What lines below include the word "ltnNge"? Copy each one.

[Opening SUPPLIED RECORDS section]

Lemma stern_fuel_enough k1 k2 n :
  n <= k1 -> n <= k2 -> stern_fuel k1 n = stern_fuel k2 n.
Proof.
elim: k1 k2 n => [|k1 IH] [|k2] n; rewrite ?leqn0 => //.
- by move=> /eqP ->.
- by move=> _ /eqP ->.
move=> le_n1 le_n2 /=; case: ifP => // /negbT; rewrite -ltnNge => lt1n.
have lt_half : n./2 < n by rewrite -divn2 ltn_Pdiv //; lia.
case: ifP => odd_n; last by rewrite (IH k2) //; lia.
have lt_halfS : n./2.+1 < n.
  by move: (odd_double_half n); rewrite odd_n -!addnn; lia.
by rewrite (IH k2 n./2) ?(IH k2 n./2.+1) //; lia.
Qed.

Lemma stern_fuelE k n : n <= k -> stern_fuel k n = stern n.
Proof. by move=> le_nk; apply: stern_fuel_enough. Qed.

Lemma stern_rec n : 1 < n ->
  stern n = if odd n then stern n./2 + stern n./2.+1 else stern n./2.
Proof.
move=> lt1n; rewrite {1}/stern -{1}(prednK (ltnW lt1n)) /= ifF; last first.
  by apply/negbTE; rewrite -ltnNge.
have lt_half : n./2 < n by rewrite -divn2 ltn_Pdiv //; lia.
case: ifP => odd_n; last by rewrite stern_fuelE //; lia.
have lt_halfS : n./2.+1 < n.
  by move: (odd_double_half n); rewrite odd_n -!addnn; lia.
by rewrite !stern_fuelE //; lia.
Qed.

Lemma stern_double n : stern n.*2 = stern n.
Proof. by case: n => // n; rewrite stern_rec ?odd_double ?doubleK //; lia. Qed.

Lemma stern_doubleS n : stern n.*2.+1 = stern n + stern n.+1.
Proof.
case: n => // n.
by rewrite stern_rec /= ?odd_double ?uphalf_double //; lia.
Qed.

Definition bin_val (s : seq bool) : nat := foldl (fun n (b : bool) => n.*2 + b) 0 s.

Lemma bin_val_rcons s (b : bool) : bin_val (rcons s b) = (bin_val s).*2 + b.
Proof. by rewrite /bin_val foldl_rcons. Qed.

Lemma bin_val_cat s t : bin_val (s ++ t) = bin_val s * 2 ^ size t + bin_val t.
Proof.
elim/last_ind: t => [|t b IH]; first by rewrite cats0 muln1 addn0.
rewrite -rcons_cat !bin_val_rcons IH size_rcons expnS -!muln2.
move: (2 ^ size t) => X; nia.
Qed.

Lemma bin_val_lt s : bin_val s < 2 ^ size s.
Proof.
elim/last_ind: s => [|s b IH] //.
by rewrite bin_val_rcons size_rcons expnS -muln2; case: b => /=; lia.
Qed.

Lemma bin_fuel_spec k n : 0 < n <= k ->
  bin_val (bin_fuel k n) = n /\ head false (bin_fuel k n).
Proof.
elim: k n => [|k IH] [|n] //= le_nk.
have def_n : odd n.+1 + (uphalf n).*2 = n.+1 := odd_double_half n.+1.
case def_half: (uphalf n) => [|m].
  have -> : n = 0 by move: def_n; rewrite def_half; case: (odd n); lia.
  by case: k {IH le_nk}.
have [val_m head_m] : bin_val (bin_fuel k m.+1) = m.+1 /\ head false (bin_fuel k m.+1).
  by apply: IH; rewrite -def_half; move: def_n le_nk; rewrite -!muln2; lia.
split; first by rewrite bin_val_rcons val_m -def_half addnC.
by case: (bin_fuel k m.+1) head_m.
Qed.

Lemma binrep_spec h : 0 < h -> bin_val (binrep h) = h /\ head false (binrep h).
Proof. by case: h => // h _; apply: bin_fuel_spec; rewrite /= leqnn. Qed.

Lemma binrepK h : bin_val (binrep h) = h.
Proof. by case: h => // h; case: (binrep_spec (ltn0Sn h)). Qed.

Lemma head_binrep h : 1 < size (binrep h) -> head false (binrep h).
Proof. by case: h => // h _; case: (binrep_spec (ltn0Sn h)). Qed.

Fixpoint lex_lt (a b : seq bool) : bool :=
  match a, b with
  | x :: a', y :: b' => (~~ x && y) || ((x == y) && lex_lt a' b')
  | _, _ => false
  end.

Lemma lex_lt_bin_val a b : size a = size b -> lex_lt a b -> bin_val a < bin_val b.
Proof.
elim: a b => [|x a IH] [|y b] //= [eq_size].
rewrite -[x :: a]cat1s -[y :: b]cat1s !bin_val_cat eq_size.
have := bin_val_lt a; rewrite eq_size => lt_a.
case/orP=> [/andP [/negbTE-> ->]|/andP [/eqP-> /(IH _ eq_size)]] /=.
  by rewrite [bin_val [:: false]]/bin_val [bin_val [:: true]]/bin_val /=; lia.
by move: (2 ^ size b) (bin_val [:: y]) => X Y; nia.
Qed.

Lemma bin_val_cat_lex_lt p a b q : size a = size b -> lex_lt a b ->
  bin_val (p ++ a ++ q) < bin_val (p ++ b ++ q).
Proof.
move=> eq_size /(lex_lt_bin_val eq_size).
rewrite !bin_val_cat !size_cat eq_size !expnD !mulnA.
have : 0 < 2 ^ size q by rewrite expn_gt0.
move: (2 ^ size q) (2 ^ size b) => X Y; nia.
Qed.

Definition stern_step (b : bool) (p : nat * nat) : nat * nat :=
  if b then (p.1 + p.2, p.2) else (p.1, p.1 + p.2).

Definition stern_walk (s : seq bool) (p : nat * nat) : nat * nat :=
  foldl (fun q b => stern_step b q) p s.

Lemma stern_walk_cat s t p : stern_walk (s ++ t) p = stern_walk t (stern_walk s p).
Proof. by rewrite /stern_walk foldl_cat. Qed.
(* [f0] collapses the tuples of weight below [k]; [fam a] also collapses [a],
   of weight exactly [k]; both kernels are congruences because these sets
   absorb the semilattice operation [h]. *)
Lemma semilattice_hard_family (G : opset) h b : (forall t, h b t = b /\ h t b = b) ->
  (forall (D : {set n.-tuple bool}) r, r \in D -> absorbs h D ->
     forall k (g : bop k), G k g -> ker_compatible (collapse m D r) g) ->
  preceq opsB (clo G) -> 1 < n -> has_hard_family opsB n m.
Proof.
move=> hb compG opsB_G n_gt1.
have [k card_k] := card_weight_level_large n b.
pose r := [tuple b | _ < n].
have wr : weight b r = 0 by apply/eqP; rewrite weight_eq0.
have k_gt0 : 0 < k.
  rewrite lt0n; apply: contraTneq card_k => k0; rewrite -ltnNge.
  have card_k_le1 : #|weight_level n b k| <= 1.
    rewrite -(cards1 r); apply: subset_leq_card; apply/subsetP => x.
    by rewrite !inE k0 weight_eq0.
  apply: leq_ltn_trans (succn_lt_exp2 n_gt1).
  by rewrite -[leqRHS]muln1 leq_mul2l card_k_le1 orbT.
have r_below : r \in weight_below n b k by rewrite inE wr.
have hkp_collapse (D : {set n.-tuple bool}) :
    r \in D -> absorbs h D -> hkp_instance opsB (collapse m D r).
  move=> rD absD; apply: hkp_instance_of_ker_compatible.
  exact: basic_ops_ker_compatible opsB_G (compG D r rD absD).
exists (collapse m (weight_below n b k) r), (weight_level n b k),
  (fun a => collapse m (a |: weight_below n b k) r); split=> //.
- exact/hkp_collapse/absorbs_weight_below.
- move=> a; rewrite inE => /eqP wa; rewrite -wa.
  by apply: hkp_collapse; [rewrite setU1r ?wa | apply: absorbs_weight_level].
- by move=> a _ x xa; rewrite /collapse in_setU1 (negbTE xa).
- move=> a; rewrite inE => /eqP wa; apply: (@kerset_neq _ _ _ _ a r).
    by rewrite /collapse setU11 setU1r.
  rewrite collapse_eq // inE wa ltnn /= orbF.
  by apply: contraTneq k_gt0 => ar_eq; rewrite -wa ar_eq wr.
Qed.

Lemma and_hard_family : preceq opsB Clo_and -> 1 < n ->
  has_hard_family opsB n m.
Proof.
apply: (@semilattice_hard_family _ andb false) => [t|]; first by case: t.
exact: gen_and_ker_compatible.
Qed.

Lemma or_hard_family : preceq opsB Clo_or -> 1 < n ->
  has_hard_family opsB n m.
Proof.
apply: (@semilattice_hard_family _ orb true) => [t|]; first by case: t.
exact: gen_or_ker_compatible.
Qed.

[Closing SUPPLIED RECORDS section]

COMPLETED EXERCISE:
move=> le_n1 le_n2 /=; case: ifP => // /negbT; rewrite -ltnNge => lt1n.
  by apply/negbTE; rewrite -ltnNge.
  rewrite lt0n; apply: contraTneq card_k => k0; rewrite -ltnNge.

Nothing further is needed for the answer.